CRISPR‐based regulation in Trichoderma

The development of the CRISPR‐Cas system will provide a novel approach for elucidating the mechanisms underlying gene regulation, with biotechnological applications in multiple fields. In addition to investigating the aforementioned functions of transcriptional regulators, CRISPR‐Cas9 offers the prospect of precise gene regulation among the newly developed tools, CRISPR activation (CRISPRa) and CRISPR interference (CRISPRi). In this context, dCas9 (inactive nuclease‐dead mutant) with a gRNA targeting a promoter region has been demonstrated to down‐regulate the expression level of downstream genes, whereas in Candida albicans, fusion of dCas to an Mxi1 repressor domain has been found to enhance transcriptional repression (Wensing et al., 2019).
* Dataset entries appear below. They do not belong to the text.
Definition sl2_e {K : fieldType} : 'M[K]_2 := delta_mx 0 1.
Definition sl2_f {K : fieldType} : 'M[K]_2 := delta_mx 1 0.
Definition sl2_h {K : fieldType} : 'M[K]_2 := delta_mx 0 0 - delta_mx 1 1.

Lemma mxtrace2 (K : fieldType) (A : 'M[K]_2) : \tr A = A 0 0 + A 1 1.
Proof.
by rewrite /mxtrace !big_ord_recl big_ord0 addr0; congr (A _ _ + A _ _); apply: val_inj.
Qed.

Lemma sl2_e_sl2 {K : fieldType} : sl2 (@sl2_e K). Proof. by rewrite /sl2 mxtrace2 !mxE /= addr0. Qed.
Lemma sl2_f_sl2 {K : fieldType} : sl2 (@sl2_f K). Proof. by rewrite /sl2 mxtrace2 !mxE /= addr0. Qed.
Lemma sl2_h_sl2 {K : fieldType} : sl2 (@sl2_h K). Proof. by rewrite /sl2 mxtrace2 !mxE /= subr0 sub0r subrr. Qed.

Lemma sl2_comm_he {K : fieldType} : mxcomm (@sl2_h K) sl2_e = 2%:R *: sl2_e.
Proof.
rewrite /mxcomm mulmxBl mulmxBr !mul_delta_mx_cond /=.
by rewrite !mulr0n !mulr1n subr0 sub0r opprK scaler_nat mulr2n.
Qed.

Lemma sl2_comm_hf {K : fieldType} : mxcomm (@sl2_h K) sl2_f = - (2%:R *: sl2_f).
Proof.
rewrite /mxcomm mulmxBl mulmxBr !mul_delta_mx_cond /=.
by rewrite !mulr0n !mulr1n subr0 sub0r scaler_nat mulr2n opprD.
Qed.

Lemma sl2_comm_ef {K : fieldType} : mxcomm (@sl2_e K) sl2_f = sl2_h.
Proof. by rewrite /mxcomm !mul_delta_mx. Qed.

Lemma sl2_f_neq0 {K : fieldType} : (@sl2_f K) != 0.
Proof. by apply/eqP => /matrixP/(_ 1 0)/eqP; rewrite !mxE /= oner_eq0. Qed.

Lemma sl2_triple_of_hom (R : numFieldType) n (G : 'M[R]_2 -> 'M[R]_n.+1) :
  (forall a A, G (a *: A) = a *: G A) ->
  (forall A B, sl2 A -> sl2 B -> G (mxcomm A B) = G A *m G B - G B *m G A) ->
  sl2_triple (G sl2_e) (G sl2_h) (G sl2_f).
Proof.
move=> GZ Gbr.
have Gcomm A B : sl2 A -> sl2 B -> G A * G B - G B * G A = G (mxcomm A B).
  by move=> sA sB; rewrite Gbr.
split; rewrite Gcomm ?sl2_e_sl2 ?sl2_f_sl2 ?sl2_h_sl2 //.
- by rewrite sl2_comm_he GZ.
- by rewrite sl2_comm_hf -scaleN1r GZ scaleN1r GZ.
- by rewrite sl2_comm_ef.
Qed.

Lemma sl2sl2_embedding_swap (K : fieldType) (V : vectType K) (br : V -> V -> V)
    (phi1 phi2 : 'M[K]_2 -> V) :
  sl2sl2_embedding br phi1 phi2 -> sl2sl2_embedding br phi2 phi1.
Proof.
case=> lin1 lin2 hom inj; split=> // [A B C D sA sB sC sD | A C sA sC].
  by rewrite addrC hom //; congr br; rewrite addrC.
by rewrite addrC => /inj [] // -> ->.
Qed.

Section EmbeddedSl2.
Variables (K : fieldType) (V : vectType K) (br : V -> V -> V) (n : nat).
Variables (rho : V -> 'M[K]_n) (phi1 phi2 : 'M[K]_2 -> V).
Hypotheses (rho_rep : lie_rep br rho) (emb : sl2sl2_embedding br phi1 phi2).

Let phi1_0 : phi1 0 = 0. Proof. by case: emb => lin1 *; exact: comb_lin0 lin1. Qed.
Let phi2_0 : phi2 0 = 0. Proof. by case: emb => _ lin2 *; exact: comb_lin0 lin2. Qed.
Let rho_0 : rho 0 = 0. Proof. by case: rho_rep => lin _; exact: comb_lin0 lin. Qed.
Let sl2_0 : sl2 (0 : 'M[K]_2). Proof. by rewrite /sl2 mxtrace0. Qed.
Let mxcomm_0 : mxcomm (0 : 'M[K]_2) 0 = 0. Proof. by rewrite /mxcomm mul0mx subrr. Qed.

Lemma emb_scalable a A : rho (phi1 (a *: A)) = a *: rho (phi1 A).
Proof.
have [lin1 _ _ _] := emb; have [lin _] := rho_rep.
by rewrite (comb_linZ lin1) (comb_linZ lin).
Qed.

Lemma emb_bracket A B : sl2 A -> sl2 B ->
  rho (phi1 (mxcomm A B)) = rho (phi1 A) *m rho (phi1 B) - rho (phi1 B) *m rho (phi1 A).
Proof.
move=> sA sB; have [_ _ hom _] := emb; have [_ rho_br] := rho_rep.
by move: (hom A B 0 0 sA sB sl2_0 sl2_0); rewrite mxcomm_0 phi2_0 !addr0 => ->.
Qed.

Lemma emb_commute A C : sl2 A -> sl2 C ->
  rho (phi1 A) *m rho (phi2 C) = rho (phi2 C) *m rho (phi1 A).
Proof.
move=> sA sC; have [_ _ hom _] := emb; have [_ rho_br] := rho_rep.
move: (hom A 0 0 C sA sl2_0 sl2_0 sC).
rewrite /mxcomm !mulmx0 !mul0mx subrr phi1_0 phi2_0 !addr0 add0r => /(congr1 rho).
by rewrite rho_br rho_0 => /esym/eqP; rewrite subr_eq0 => /eqP.
Qed.

Hypothesis rho_faithful : faithful rho.

Lemma emb_neq0 A : sl2 A -> A != 0 -> rho (phi1 A) != 0.
Proof.
move=> sA; apply: contraNneq => /eqP; rewrite -rho_0 => /eqP/rho_faithful phiA0.
have [_ _ _ inj] := emb.
have phi0 : phi1 A + phi2 0 = 0 by rewrite phiA0 phi2_0 addr0.
by have [-> _] := inj A 0 sA sl2_0 phi0.
Qed.

End EmbeddedSl2.

Unset Implicit Arguments.

Theorem lemma5p4 (R : rcfType) (V : vectType R) (br : V -> V -> V)
  (n : nat) (rho : V -> 'M[R]_n) (wedge : 'cV[R]_n -> 'cV[R]_n -> 'rV[R]_n) :
  lie_bracket br -> lie_semisimple br ->
  lie_rep br rho -> faithful rho ->
  sym_equiv_wedge rho wedge -> nonvanishing_on_planes wedge ->
  ~ has_sl2sl2_subalgebra br.
Proof.
move=> _ _ rep faith [wlin wsym weq] nv [phi1 [phi2 emb]].
have emb' := sl2sl2_embedding_swap emb.
have f1n0 := emb_neq0 rep emb faith sl2_f_sl2 sl2_f_neq0.
have f2n0 := emb_neq0 rep emb' faith sl2_f_sl2 sl2_f_neq0.
case: n => [|n] in rho wedge rep faith wlin wsym weq nv emb emb' f1n0 f2n0 *.
  by move: f1n0; rewrite [rho _]thinmx0 eqxx.
have T1 := sl2_triple_of_hom (emb_scalable rep emb) (emb_bracket rep emb).
have T2 := sl2_triple_of_hom (emb_scalable rep emb') (emb_bracket rep emb').
have eqv X : wedge_equivariant wedge (rho X) by move=> a b; exact: weq.
have comm C : sl2 C -> rho (phi2 C) * rho (phi1 sl2_f) = rho (phi1 sl2_f) * rho (phi2 C).
  by move=> sC; exact: esym (emb_commute rep emb sl2_f_sl2 sC).
exact: (no_commuting_sl2_triples wlin wsym nv T1 T2 f1n0 f2n0 (eqv _) (eqv _) (eqv _)
  (eqv _) (comm _ sl2_e_sl2) (comm _ sl2_h_sl2) (comm _ sl2_f_sl2)).
Qed.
In Pichia pastoris, CRISPRa/CRISPRi technology has facilitated the more precise regulation of gene expression. Furthermore, when used in conjunction with synthetic promoters in P. pastoris, CRISPRa‐based gene expression represents a novel “plug‐and‐play” platform that can be applied to produce customized hosts with high‐level expression that responds to defined signals (Liu, Song et al., 2022; Liu, Xu et al., 2022). However, CRISPRa/CRISPRi systems are yet to be developed for editing the Trichoderma genome. It is important to enable partial loss of gene function via precise and quantitative activation/repression, rather than complete loss of gene function. Thus, CRISPRa/CRISPRi is a promising technology for future application in Trichoderma.
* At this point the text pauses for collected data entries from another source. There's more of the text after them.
(* probability (over s1 iid uniform draws from L_1 and s2 iid independent
   Reach draws) that the estimate lies in [(1-eps)|L_{>=2}|, (1+eps)|L_{>=2}|] *)
Definition success_prob (eps : R) (s1 s2 : nat) : R :=
  \sum_(S1 : {ffun 'I_s1 -> V}) \sum_(S2 : {ffun 'I_s2 -> V})
    ((\prod_(i < s1) p_unif (S1 i)) * (\prod_(j < s2) p_reach (S2 j)) *
     (if ((1 - eps) * #|Lge2 e L0|%:R <= @estimate s1 s2 S1 S2)
         && (@estimate s1 s2 S1 S2 <= (1 + eps) * #|Lge2 e L0|%:R)
      then 1 else 0)).
End Estimator.

From HB Require Import structures.
From mathcomp Require Import all_boot all_order all_algebra.
From mathcomp Require Import reals.
From mathcomp Require Import ring lra.
Set Implicit Arguments. Unset Strict Implicit. Unset Printing Implicit Defensive.
Import Order.TTheory GRing.Theory Num.Theory.
Local Open Scope ring_scope.

(* Counting the edges between L_1 and L_2 from both ends shows that
   |L_{>=2}| = |L_1| E[d^+] E[1/rs] / E[d^-/rs], with d^+ taken under the
   uniform distribution on L_1 and the other two under the Reach
   distribution; the estimator replaces each expectation by an empirical mean.
   Since d^+ <= d^+_max on L_1, the relative variance E[X^2]/E[X]^2 of d^+ is at
   most d^+_max / d^+_avg, and likewise that of d^-/rs and of 1/rs is at most
   c_rs d^-_max / d^-_avg.  With the given sample sizes Chebyshev's inequality
   therefore puts each empirical mean within relative error eps/5 of its
   expectation, except with probability delta/3, and three relative errors
   eps/5 combine into a relative error at most eps for the ratio. *)

Section ProductMeasure.
Variable R : comPzRingType.

Definition expect (T : finType) (p f : T -> R) : R := \sum_x p x * f x.

Definition iid (V : finType) (p : V -> R) (n : nat) : {ffun 'I_n -> V} -> R :=
  fun S => \prod_i p (S i).
Arguments iid {V} p n.

Lemma eq_expect (T : finType) (p f g : T -> R) :
  f =1 g -> expect p f = expect p g.
Proof. by move=> fg; apply: eq_bigr => x _; rewrite fg. Qed.

Lemma expect_mulr (T : finType) (q f : T -> R) (c : R) :
  expect q (fun x => f x * c) = expect q f * c.
Proof. by rewrite /expect mulr_suml; apply: eq_bigr => x _; rewrite mulrA. Qed.

Lemma expect_sum (T I : finType) (p : T -> R) (F : I -> T -> R) :
  expect p (fun x => \sum_i F i x) = \sum_i expect p (F i).
Proof. by rewrite exchange_big; apply: eq_bigr => x _; rewrite mulr_sumr. Qed.

Lemma expect_mask (T : finType) (A : {set T}) (c f : T -> R) :
  expect (fun x => if x \in A then c x else 0) f = \sum_(x in A) c x * f x.
Proof. by rewrite [RHS]big_mkcond; apply: eq_bigr => x _; case: ifP; rewrite ?mul0r. Qed.

Lemma prod_if_eq (I : finType) (i : I) (a : I -> R) :
  \prod_k (if k == i then a k else 1) = a i.
Proof. by rewrite -big_mkcond big_pred1_eq. Qed.

Lemma prod_if_eq2 (I : finType) (i j : I) (a b : I -> R) : i != j ->
  \prod_k (if k == i then a k else if k == j then b k else 1) = a i * b j.
Proof.
move=> ij; rewrite (bigD1 i) //= eqxx (bigD1 j) 1?eq_sym //= (negbTE ij) eqxx.
by rewrite big1 ?mulr1 // => k /andP[ki kj]; rewrite (negbTE ki) (negbTE kj).
Qed.

Variables (V : finType) (p : V -> R).
Hypothesis sum_p : \sum_v p v = 1.

Lemma expect_cst1 : expect p (fun _ => 1) = 1.
Proof. by rewrite -[RHS]sum_p; apply: eq_bigr => v _; rewrite mulr1. Qed.

Lemma sum_iid n : \sum_S iid p n S = 1.
Proof.
rewrite -(bigA_distr_bigA (fun (_ : 'I_n) => p)) /= sum_p.
by rewrite prodr_const expr1n.
Qed.

Lemma expect_iid_prod n (F : 'I_n -> V -> R) :
  expect (iid p n) (fun S => \prod_i F i (S i)) = \prod_i expect p (F i).
Proof. by rewrite bigA_distr_bigA; apply: eq_bigr => S _; rewrite big_split. Qed.

Lemma expect_iid_coord n (i : 'I_n) (u : V -> R) :
  expect (iid p n) (fun S => u (S i)) = expect p u.
Proof.
have := expect_iid_prod (fun k v => if k == i then u v else 1).
rewrite (eq_bigr (fun k => if k == i then expect p u else 1)); last first.
  by move=> k _; case: eqP => // _; rewrite expect_cst1.
rewrite prod_if_eq => <-; apply: eq_expect => S /=.
by rewrite (prod_if_eq i (fun k => u (S k))).
Qed.

Lemma expect_iid_coord2 n (i j : 'I_n) (u w : V -> R) : i != j ->
  expect (iid p n) (fun S => u (S i) * w (S j)) = expect p u * expect p w.
Proof.
move=> ij.
have := expect_iid_prod (fun k v => if k == i then u v else if k == j then w v else 1).
rewrite (eq_bigr (fun k => if k == i then expect p u
                           else if k == j then expect p w else 1)); last first.
  by move=> k _; case: eqP => // _; case: eqP => // _; rewrite expect_cst1.
rewrite prod_if_eq2 // => <-; apply: eq_expect => S /=.
by rewrite (prod_if_eq2 (fun k => u (S k)) (fun k => w (S k))).
Qed.

Lemma expect_iid_sum_sq n (g : V -> R) : expect p g = 0 ->
  expect (iid p n) (fun S => (\sum_i g (S i)) ^+ 2) =
  n%:R * expect p (fun v => g v ^+ 2).
Proof.
move=> Eg0.
transitivity (expect (iid p n) (fun S => \sum_i \sum_j g (S i) * g (S j))).
  by apply: eq_expect => S; rewrite expr2 mulr_suml; apply: eq_bigr => i _; rewrite mulr_sumr.
rewrite expect_sum (eq_bigr (fun _ => expect p (fun v => g v ^+ 2))).
  by rewrite sumr_const card_ord mulr_natl.
move=> i _; rewrite expect_sum (bigD1 i) //= big1 ?addr0.
  by rewrite (expect_iid_coord i (fun v => g v ^+ 2)).
by move=> j ji; rewrite expect_iid_coord2 1?eq_sym // Eg0 mul0r.
Qed.

Lemma expect_centered (f : V -> R) : expect p (fun v => f v - expect p f) = 0.
Proof.
set m := expect p f; rewrite {1}/expect (eq_bigr (fun v => p v * f v - m * p v)).
  by rewrite sumrB -mulr_sumr sum_p mulr1 subrr.
by move=> v _; rewrite mulrBr [m * _]mulrC.
Qed.

Lemma expect_centered_sq (f : V -> R) :
  expect p (fun v => (f v - expect p f) ^+ 2) =
  expect p (fun v => f v ^+ 2) - expect p f ^+ 2.
Proof.
set m := expect p f; rewrite {1}/expect.
rewrite (eq_bigr (fun v => p v * f v ^+ 2 - 2 * m * (p v * f v) + m ^+ 2 * p v)).
  rewrite big_split sumrB /= -!mulr_sumr sum_p.
  by rewrite -/(expect p f) -[expect p f]/m -/(expect p (fun v => f v ^+ 2)); ring.
by move=> v _; ring.
Qed.

End ProductMeasure.
Arguments iid {R V} p n.

Lemma expect_le (R : realDomainType) (T : finType) (p f g : T -> R) :
  (forall x, 0 <= p x) -> (forall x, f x <= g x) -> expect p f <= expect p g.
Proof. by move=> p_ge0 fg; apply: ler_sum => x _; rewrite ler_wpM2l. Qed.

Lemma expect_sq_le (R : realDomainType) (T : finType) (p f : T -> R) (M : R) :
  (forall x, 0 <= p x) -> (forall x, p x != 0 -> 0 <= f x <= M) ->
  expect p (fun x => f x ^+ 2) <= M * expect p f.
Proof.
move=> p_ge0 f_bnd; rewrite /expect mulr_sumr; apply: ler_sum => x _.
have [->|/f_bnd/andP[f_ge0 f_le]] := eqVneq (p x) 0; first by rewrite !mul0r mulr0.
by rewrite expr2 mulrCA ler_wpM2r ?mulr_ge0.
Qed.

Lemma expect_prod_ge_union (R : realDomainType) (I J : finType) (P : I -> R) (Q : J -> R)
    (a : I -> R) (b c : J -> R) (F : I -> J -> R) :
  \sum_i P i = 1 -> \sum_j Q j = 1 -> (forall i, 0 <= P i) -> (forall j, 0 <= Q j) ->
  (forall i j, 1 - a i - b j - c j <= F i j) ->
  1 - expect P a - expect Q b - expect Q c <= \sum_i \sum_j P i * Q j * F i j.
Proof.
move=> sumP sumQ P_ge0 Q_ge0 F_ge.
have inner i : \sum_j P i * Q j * (1 - a i - b j - c j) =
    P i - P i * a i - P i * expect Q b - P i * expect Q c.
  transitivity (\sum_j ((P i - P i * a i) * Q j - P i * (Q j * b j) - P i * (Q j * c j))).
    by apply: eq_bigr => j _; ring.
  by rewrite !sumrB -!mulr_sumr sumQ mulr1.
have -> : 1 - expect P a - expect Q b - expect Q c =
    \sum_i \sum_j P i * Q j * (1 - a i - b j - c j).
  by rewrite (eq_bigr _ (fun i _ => inner i)) !sumrB -!mulr_suml sumP !mul1r.
by apply: ler_sum => i _; apply: ler_sum => j _; rewrite ler_wpM2l ?mulr_ge0.
Qed.

Lemma rel_err_le (R : realFieldType) (X N a : R) :
  0 < N -> ~~ (a * N < `|X - N|) -> `|X / N - 1| <= a.
Proof.
move=> N_gt0; rewrite -leNgt => dev.
have -> : X / N - 1 = (X - N) / N by field; rewrite gt_eqF.
by rewrite normrM normfV (gtr0_norm N_gt0) ler_pdivrMr.
Qed.

Lemma ratio_rel_err (R : realFieldType) (eps x y z : R) : 0 < eps < 1 ->
  `|x - 1| <= eps / 5 -> `|y - 1| <= eps / 5 -> `|z - 1| <= eps / 5 ->
  1 - eps <= x * z / y <= 1 + eps.
Proof.
move=> /andP[eps_gt0 eps_lt1]; rewrite !ler_norml.
move=> /andP[x_lo x_hi] /andP[y_lo y_hi] /andP[z_lo z_hi].
have y_gt0 : 0 < y by lra.
by rewrite ler_pdivlMr // ler_pdivrMr //; apply/andP; split; nra.
Qed.

Lemma ratio_estimate_in_range (R : realFieldType)
    (eps m m1 s1 s2 X1 XN XD mu1 mu2 mu3 : R) :
  0 < eps < 1 -> 0 <= m -> 0 < s1 -> 0 < s2 -> 0 < mu1 -> 0 < mu2 -> 0 < mu3 ->
  m = m1 * mu1 * mu3 / mu2 ->
  `|X1 / (s1 * mu1) - 1| <= eps / 5 -> `|XN / (s2 * mu2) - 1| <= eps / 5 ->
  `|XD / (s2 * mu3) - 1| <= eps / 5 ->
  (1 - eps) * m <= m1 * (X1 / s1) / (XN / XD) <= (1 + eps) * m.
Proof.
move=> eps01 m_ge0 s1_gt0 s2_gt0 mu1_gt0 mu2_gt0 mu3_gt0 mE x_close y_close z_close.
have /andP[lo hi] := ratio_rel_err eps01 x_close y_close z_close.
have /andP[_ eps_lt1] := eps01.
have XN_gt0 : 0 < XN.
  move: y_close; rewrite ler_norml => /andP[y_lo _].
  suff : 0 < XN / (s2 * mu2) by rewrite pmulr_lgt0 // invr_gt0 mulr_gt0.
  lra.
have XD_gt0 : 0 < XD.
  move: z_close; rewrite ler_norml => /andP[z_lo _].
  suff : 0 < XD / (s2 * mu3) by rewrite pmulr_lgt0 // invr_gt0 mulr_gt0.
  lra.
have -> : m1 * (X1 / s1) / (XN / XD) =
          m * (X1 / (s1 * mu1) * (XD / (s2 * mu3)) / (XN / (s2 * mu2))).
  by rewrite mE; field; rewrite !gt_eqF.
by rewrite ![_ * m]mulrC !ler_wpM2l.
Qed.

Section Chebyshev.
Variables (R : realFieldType) (V : finType) (p : V -> R).
Hypotheses (sum_p : \sum_v p v = 1) (p_ge0 : forall v, 0 <= p v).

Lemma iid_ge0 n (S : {ffun 'I_n -> V}) : 0 <= iid p n S.
Proof. exact: prodr_ge0. Qed.

Lemma sqr_expect_le (f : V -> R) : expect p f ^+ 2 <= expect p (fun v => f v ^+ 2).
Proof.
rewrite -subr_ge0 -expect_centered_sq //.
by apply: sumr_ge0 => v _; rewrite mulr_ge0 ?sqr_ge0.
Qed.

Lemma iid_chebyshev n (f : V -> R) (t : R) : 0 < t ->
  expect (iid p n)
    (fun S => if t < `|\sum_i f (S i) - n%:R * expect p f| then 1 else 0)
  <= n%:R * expect p (fun v => f v ^+ 2) / t ^+ 2.
Proof.
move=> t_gt0; have t2_gt0 : 0 < t ^+ 2 by rewrite exprn_gt0.
set mu := expect p f.
apply: (@le_trans _ _
    (expect (iid p n) (fun S => (\sum_i (f (S i) - mu)) ^+ 2 / t ^+ 2))).
  apply: expect_le => [S|S]; first exact: iid_ge0.
  rewrite sumrB sumr_const card_ord mulr_natl.
  set X := (X in `|X|).
  case: ifP => [dev|_]; last by rewrite divr_ge0 ?sqr_ge0 // ltW.
  rewrite ler_pdivlMr // mul1r -[X ^+ 2](real_normK (num_real X)).
  by apply: lerXn2r; rewrite ?nnegrE ?normr_ge0 ?(ltW t_gt0) ?(ltW dev).
rewrite expect_mulr (expect_iid_sum_sq sum_p n (expect_centered sum_p f)).
rewrite ler_wpM2r ?invr_ge0 ?(ltW t2_gt0) // ler_wpM2l ?ler0n //.
by rewrite expect_centered_sq // lerBlDr lerDl sqr_ge0.
Qed.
FUTURE PERSPECTIVES AND CONCLUSIONS

Trichoderma spp. are well‐studied model fungal organisms because of their powerful cellulase productivity and biocontrol properties. Their products include industrial enzyme preparations used in pulp, biofuels, food, feed, and other fields, as well as biofertilizers, biopesticides, and bioremediation agents. In addition to these major applications of Trichoderma species, the fields of sustainable green and white biotechnology have become increasingly important for the environmentally safe production of humanized proteins, antibiotics, and other bioactive natural products. Although a number of relevant key factors to improve strain properties have been discovered in recent decades, traditional genetic manipulation has become a bottleneck for further biotechnological exploration of Trichoderma.
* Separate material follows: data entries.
Lemma aff_indep_weights_eq D (l m : J -> R) : aff_indep x D ->
  \sum_(j in D) l j = \sum_(j in D) m j -> comb x l D = comb x m D ->
  forall j, j \in D -> l j = m j.
Proof.
move=> ai hs; rewrite /comb => -[h1 h2] j jD; apply/eqP; rewrite -subr_eq0; apply/eqP.
apply: (ai (fun j => l j - m j)) => //; first by rewrite sumrB hs subrr.
by rewrite /comb; congr (_, _); under eq_bigr do rewrite mulrBl; rewrite sumrB ?h1 ?h2 subrr.
Qed.

Lemma relint_subset_conv D S s : aff_indep x D -> relint x D s -> conv x S s ->
  S \subset D -> D \subset S.
Proof.
move=> ai [l [lp [l1 hc]]] /conv_weights [m [m0 mS m1 h1 h2]] SD.
have mD j : j \notin D -> m j = 0.
  by move=> jD; apply: mS; apply: contra jD; apply: (subsetP SD).
have r (f : J -> R) : \sum_(j in D) m j * f j = \sum_j m j * f j.
  by apply: sum_support => j /mD->; rewrite mul0r.
have lm := @aff_indep_weights_eq D l m ai.
apply/subsetP => j jD; apply: contraT => jS.
have := lp j jD; rewrite lm ?mS ?ltxx //; first by rewrite l1 sum_support.
by rewrite hc /comb (r (fun j => (x j).1)) (r (fun j => (x j).2)) h1 h2; case: (s).
Qed.

Lemma relint_subface K D s : triangulation x K -> D \in K -> conv x D s ->
  exists2 D', D' \in K & D' \subset D /\ relint x D' s.
Proof.
move=> [_ hclos _ _ _] DK [l [l0 [l1 hc]]].
pose D' := [set j in D | 0 < l j].
have sub : D' \subset D by apply/subsetP => j; rewrite inE => /andP [].
have drop (g : J -> R) : (forall j, l j = 0 -> g j = 0) ->
    \sum_(j in D) g j = \sum_(j in D') g j.
  move=> hg; rewrite (big_setID D') /= (setIidPr sub) [X in _ + X]big1 ?addr0 // => j.
  rewrite !inE => /andP [/nandP [/negP // | /negP jl] jD]; apply: hg.
  by apply/eqP; rewrite eq_le l0 // andbT leNgt; apply/negP.
have s1 : \sum_(j in D') l j = 1 by rewrite -drop.
have ne : D' != set0.
  by apply/eqP => e; move: s1; rewrite e big_set0 => /eqP; rewrite eq_sym oner_eq0.
exists D'; first exact: hclos DK sub ne.
split=> //; exists l; split; first by move=> j; rewrite inE => /andP [].
by split=> //; rewrite -hc /comb !drop // => j ->; rewrite mul0r.
Qed.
CRISPR‐Cas genome editing technology enables genetic engineering of a variety of organisms and offers numerous hitherto unattainable strategies for genetic manipulation. Gene‐edited crops and mushrooms have been approved for marketing by several countries and organizations. Notably, the legalization of CRISPR‐Cas‐edited products was realized in less than 5 years following the initial establishment of the CRISPR‐Cas9 concept, thereby highlighting the public's willingness to accept the safety of the technology. Given its appropriate iterative strategy, ease of development, and broad applicability, the CRISPR‐Cas system can undoubtedly be applied in a wide range of biotechnological fields. The newly discovered applications of CRISPR‐Cas in fungal genome editing have unique and powerful capabilities and potential biotechnological applications. Coupled with its efficiency and simplicity, this system will also be broadly applicable in modifying the genomes of little studied and newly isolated strains of Trichoderma, and considering its far‐reaching scope, CRISPR‐Cas genome engineering will inevitably expand the application of Trichoderma in the fields of industry, agriculture, medicine, and food.

CONFLICT OF INTEREST

The authors declare that the research was conducted in the absence of any commercial or financial relationships that could be construed as a potential conflict of interest.